Edith heard the roar from the infidels in the town’s direction. She might not understand the southern tongue, but she certainly recognized that battle cry.

Biting down on her lips, she deflected two more arrows with her shield.

The smoke that engulfed the Lotharin left and center had largely thinned out by the time it reached her. This left her men with a stunning view of the alien, mushroom-shaped cloud that rose a kilopace off the ground — white fumes that formed the background to her cyan, airborne cross.

Events beyond her comprehension had clearly taken place on the opposing flank. Meanwhile even the center was being pressed by massed assault. Edith wanted to help them, to aid the princess and defend the town.
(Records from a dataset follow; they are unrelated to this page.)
Definition driver j : traj R := Traj 2
  (fun k => match k with 0 => kick j - flight j | 1 => kick j | _ => kick j + flight j end)
  (fun k => match k with
            | 0 => ((0 : R^o), - (flight j * spin j.+1))
            | 1 => leftmost
            | _ => ((0 : R^o), flight j * spin_before j) end)
  (fun k => match k with
            | 0 => ((gap / flight j : R^o), spin j.+1)
            | _ => ((- (gap / flight j) : R^o), spin_before j) end).

Definition particle : traj R := Traj n arrival P vel.
Definition system i := if i is j.+1 then driver j else particle.

Lemma leftmost_circD : circD C leftmost.
Proof. by rewrite /circD /dist2 /dot /psub /leftmost /gap /dcen /=; ring. Qed.

Lemma en_leftmost : en C leftmost = (1, 0).
Proof.
have r0 : r != 0 by rewrite lt0r_neq0 // rD_gt0.
by rewrite /en /pscale /psub /leftmost /gap /dcen /=; congr pair; field.
Qed.

Lemma disk_vt_driver j : ev_vt C system j.+1 1 = spin j.+1.
Proof. by rewrite /ev_vt /= /disk_vt /et en_leftmost /rot90 /dot /=; ring. Qed.

Local Notation event := (disk_event C n.-1 system).

Lemma disk_eventP i k : event i k ->
  (i = 0%N /\ (0 < k < n)%N /\ circD C (P k)) \/ exists2 j, i = j.+1 & (j < n.-1)%N /\ k = 1%N.
Proof.
case: i => [|j] [iN kt ck]; first by left.
by right; exists j => //; split=> //; move: kt => /=; lia.
Qed.

Lemma driver_event {j} : (j < n.-1)%N -> event j.+1 1.
Proof. by split=> //; exact: leftmost_circD. Qed.

(* Chronological order of the disk collisions: driver [j] comes between the
   visits of particle 0 to [P j] and [P j.+1]. *)
Definition event_rank i k := if i is j.+1 then (2 * j).+1 else (2 * k)%N.

Lemma event_rank_gt0 {i k} : event i k -> (0 < event_rank i k)%N.
Proof. by move/disk_eventP => [[-> [/andP[k0 _] _]]|[j -> _]] /=; lia. Qed.

Lemma event_rank_lt_time {i k i' k'} : event i k -> event i' k' ->
  (event_rank i k < event_rank i' k')%N -> ev_time system i k < ev_time system i' k'.
Proof.
move=> /disk_eventP [[-> _]|[j -> [_ ->]]] /disk_eventP [[-> _]|[j' -> [_ ->]]] /= lt; rewrite /ev_time /=.
- by apply: arrival_lt; lia.
- by apply: arrival_lt_kick; lia.
- by apply: kick_lt_arrival; lia.
- by apply: kick_lt; lia.
Qed.

Lemma event_rank_inj {i k i' k'} : event i k -> event i' k' ->
  event_rank i k = event_rank i' k' -> i = i' /\ k = k'.
Proof.
move=> /disk_eventP [[-> _]|[j -> [_ ->]]] /disk_eventP [[-> _]|[j' -> [_ ->]]] /= E;
  by split=> //; lia.
Qed.

Lemma time_lt_event_rank {i k i' k'} : event i k -> event i' k' ->
  ev_time system i k < ev_time system i' k' -> (event_rank i k < event_rank i' k')%N.
Proof.
move=> e e' lt; rewrite ltnNge leq_eqVlt; apply/negP => /orP[/eqP E|lt'].
  by have [? ?] := event_rank_inj e' e E; subst; rewrite ltxx in lt.
by have := event_rank_lt_time e' e lt'; rewrite ltNge (ltW lt).
Qed.

Lemma event_rank_le_time {i k i' k'} : event i k -> event i' k' ->
  (event_rank i k <= event_rank i' k')%N -> ev_time system i k <= ev_time system i' k'.
Proof.
move=> e e'; rewrite leq_eqVlt => /orP[/eqP E|lt].
  by have [-> ->] := event_rank_inj e e' E.
exact/ltW/(event_rank_lt_time e e' lt).
Qed.

Lemma omega_before_last_event {i k i0 k0} : event i k -> event i0 k0 ->
  (event_rank i k < event_rank i0 k0)%N ->
  (forall i' k', event i' k' -> (event_rank i' k' < event_rank i0 k0)%N ->
     (event_rank i' k' <= event_rank i k)%N) ->
  omega_before C n.-1 system om0 (ev_time system i0 k0) (ev_vt C system i k).
Proof.
move=> e e0 lt last; right; exists i, k; split=> //.
  exact: event_rank_lt_time.
move=> i' k' e' /(time_lt_event_rank e' e0) /(last _ _ e').
exact: event_rank_le_time.
Qed.

Lemma omega_before_vertex k : (0 < k < n)%N -> circD C (P k) ->
  omega_before C n.-1 system om0 (arrival k) (spin k).
Proof.
case: k => [//|k] kn ck.
have ek : event k.+1 1 by apply: driver_event; lia.
rewrite -disk_vt_driver.
by apply: (omega_before_last_event (i0 := 0%N) (k0 := k.+1)) => //= [|i' k' _]; lia.
Qed.

Lemma omega_before_kick j : (j < n.-1)%N ->
  omega_before C n.-1 system om0 (kick j) (spin_before j).
Proof.
move=> jn; have ej := driver_event jn.
case: j jn ej => [|j] jn ej.
  left; split=> // i k e.
  by apply: (event_rank_le_time ej e); have := event_rank_gt0 e.
rewrite /spin_before; case: asboolP => [cj|ncj].
  have e0 : event 0 j.+1 by split=> //=; lia.
  by apply: (omega_before_last_event e0 ej) => /= [|i' k' _]; lia.
have e1 : event j.+1 1 by apply: driver_event; lia.
rewrite -disk_vt_driver; apply: (omega_before_last_event e1 ej) => /=; first lia.
move=> i' k' /disk_eventP [[-> [_ ck']]|[j' -> _]] /=; last lia.
have : k' <> j.+1 by move=> E; apply: ncj; rewrite -E.
lia.
Qed.

Local Notation omega := (omega_before C n.-1 system om0).

Lemma valid_particle : valid_traj C omega (arrival n) particle.
Proof.
case: (hA) => [[_ Gam_P]] _ _ [not_opening no_corner] _.
split=> //=; first exact: Gam_P.
- move=> k kn; have sp := speed_gt0 k.
  have step : arrival k + leg k - arrival k = leg k by ring.
  split; first by rewrite ltrDl leg_gt0.
    by rewrite step /vel pscaleA /leg mulVf ?lt0r_neq0 // -(@lerp1 R (P k) (P k.+1)).
  move=> s /andP[s1 s2]; rewrite /vel pscaleA; apply: intGam_leg => //.
  rewrite /leg in s2; apply/andP; split; first by rewrite mulr_gt0 // subr_gt0.
  by rewrite -ltr_pdivlMr // div1r; lra.
- move=> k kn; split; [apply: no_corner; lia | exact: not_opening |].
  case: (speed_stepP kn) => [[k' k'P E]|[ck E]]; first by left; exists k'.
  by right; split=> //; exists (spin k) => //; apply: omega_before_vertex.
- by right.
Qed.

Lemma valid_driver j : (j < n.-1)%N -> valid_traj C omega (arrival n) (driver j).
Proof.
move=> jn; have fp := flight_gt0 j; have gp := gap_gt0.
have [win_lo win_hi] := kick_window j; have [inL outL] := flight_spin j.
rewrite -normrN in inL.
have f0 : flight j != 0 by rewrite lt0r_neq0.
split=> /=.
- by case: (openL_Gam inL).
- case=> [|[|k]] // _; split; first (by lra).
  + by rewrite /padd /pscale /leftmost /=; congr pair; field.
  + move=> s /andP[s1 s2].
    pose sig := (s - (kick j - flight j)) / flight j.
    have -> : padd ((0 : R^o), - (flight j * spin j.+1))
        (pscale (s - (kick j - flight j)) ((gap / flight j : R^o), spin j.+1))
        = (sig * gap, (1 - sig) * - (flight j * spin j.+1)).
      by rewrite /padd /pscale /sig /=; congr pair; field.
    apply: intGam_to_disk => //.
    by rewrite divr_gt0 ?subr_gt0 //= ltr_pdivrMr // mul1r; lra.
  + lra.
  + by rewrite /padd /pscale /leftmost /=; congr pair; field.
  + move=> s /andP[s1 s2].
    pose sig := 1 - (s - kick j) / flight j.
    have -> : padd leftmost (pscale (s - kick j) ((- (gap / flight j) : R^o), spin_before j))
        = (sig * gap, (1 - sig) * (flight j * spin_before j)).
      by rewrite /padd /pscale /sig /leftmost /=; congr pair; field.
    apply: intGam_to_disk => //.
    have : 0 < (s - kick j) / flight j < 1.
      by rewrite divr_gt0 ?subr_gt0 //= ltr_pdivrMr // mul1r; lra.
    by rewrite /sig; lra.
- case=> [|[|k]] // _; split.
  + by move/corner_bdry; apply: circD_bdryN leftmost_circD.
  + by move/opening_bdry; apply: circD_bdryN leftmost_circD.
  + right; split; first exact: leftmost_circD.
    exists (spin_before j); first exact: omega_before_kick.
    by rewrite /disk_out /et en_leftmost /rot90 /padd /pscale /dot /=; congr pair; ring.
- by left; split=> //; left; case: (openL_Gam outL).
- by apply/ltW/(lt_le_trans win_hi)/arrival_le; lia.
Qed.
Yet unlike past battles where she roamed the battle line and joined combat at her will, she had been given a clear responsibility to guard the exposed Lotharin right flank this time.

The Saint and Oriflamme gritted her teeth as a loose line of Cataliyan light cavalry rode up to unleash successive javelin volleys. Her Sword of Charity glowed silver as it released more ribbons of white light. They curved through the air to intercept shots that would otherwise kill nearby comrades.

Lotharin rangers and archers replied with arrows in kind. They killed a third of the light cavalrymen before the rest withdrew. Ranks of Asawira armored cavalry advanced through the woods next as a replacement. Their composite bows began an archery duel with her own bowmen.

Are they screening an infantry advance? Or are they just trying to pin me here?

Edith could hardly see through the ranks of horse-archers and the forest. All she could do now was hold the line as waves of arrows swept back and forth between the two formations.

It was then, when one of her ranger captains from the west shouted:

“Cavalry in the western woods! Hundreds!”

“They ride north!”

Saint Estelle immediately turned to her sword sisters. “Follow me!” She commanded as she led them down the battle line.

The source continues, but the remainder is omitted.